**WHAT THIS TASK INVOLVES**
The full listing below should be returned without a single change.

______________________________

Theorem corollary2p4 (H : CHilbert) (Rop Sop Ra Sa : H -> H) :
  bounded_linear H Rop -> bounded_linear H Sop ->
  is_adjoint H Rop Ra -> is_adjoint H Sop Sa ->
  (hopnorm H Rop + hopnorm H Sop) ^ 2
    <= 2 * gq (dsum H) (offdiag H Rop Sop) (offdiag H Sa Ra) ->
  numrad (dsum H) (offdiag H Rop Sop) = (hopnorm H Rop + hopnorm H Sop) / 2.
Proof.
  intros HR HS HRa HSa Hg.
  pose proof (gq_le_numrad (dsum H) (inner_product_dsum H) _ (offdiag H Sa Ra)
    (offdiag_additive H Rop Sop HR HS) (offdiag_homogeneous H Rop Sop HR HS)
    (offdiag_bounded H Rop Sop HR HS) (offdiag_adjoint H Rop Sop Ra Sa HRa HSa)) as Hlower.
  pose proof (numrad_offdiag_le H Rop Sop HR HS) as Hupper.
  pose proof (numrad_nonneg (dsum H) (offdiag H Rop Sop)).
  pose proof (hopnorm_nonneg H Rop); pose proof (hopnorm_nonneg H Sop).
  set (w := numrad (dsum H) (offdiag H Rop Sop)) in *.
  set (s := hopnorm H Rop + hopnorm H Sop) in *.
  assert (Hsq : s ^ 2 <= (2 * w) ^ 2) by lra.
  nra.
Qed.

______________________________

**RESULT**
Theorem corollary2p4 (H : CHilbert) (Rop Sop Ra Sa : H -> H) :
  bounded_linear H Rop -> bounded_linear H Sop ->
  is_adjoint H Rop Ra -> is_adjoint H Sop Sa ->
  (hopnorm H Rop + hopnorm H Sop) ^ 2
    <= 2 * gq (dsum H) (offdiag H Rop Sop) (offdiag H Sa Ra) ->
  numrad (dsum H) (offdiag H Rop Sop) = (hopnorm H Rop + hopnorm H Sop) / 2.
Proof.
  intros HR HS HRa HSa Hg.
  pose proof (gq_le_numrad (dsum H) (inner_product_dsum H) _ (offdiag H Sa Ra)
    (offdiag_additive H Rop Sop HR HS) (offdiag_homogeneous H Rop Sop HR HS)
    (offdiag_bounded H Rop Sop HR HS) (offdiag_adjoint H Rop Sop Ra Sa HRa HSa)) as Hlower.
  pose proof (numrad_offdiag_le H Rop Sop HR HS) as Hupper.
  pose proof (numrad_nonneg (dsum H) (offdiag H Rop Sop)).
  pose proof (hopnorm_nonneg H Rop); pose proof (hopnorm_nonneg H Sop).
  set (w := numrad (dsum H) (offdiag H Rop Sop)) in *.
  set (s := hopnorm H Rop + hopnorm H Sop) in *.
  assert (Hsq : s ^ 2 <= (2 * w) ^ 2) by lra.
  nra.
Qed.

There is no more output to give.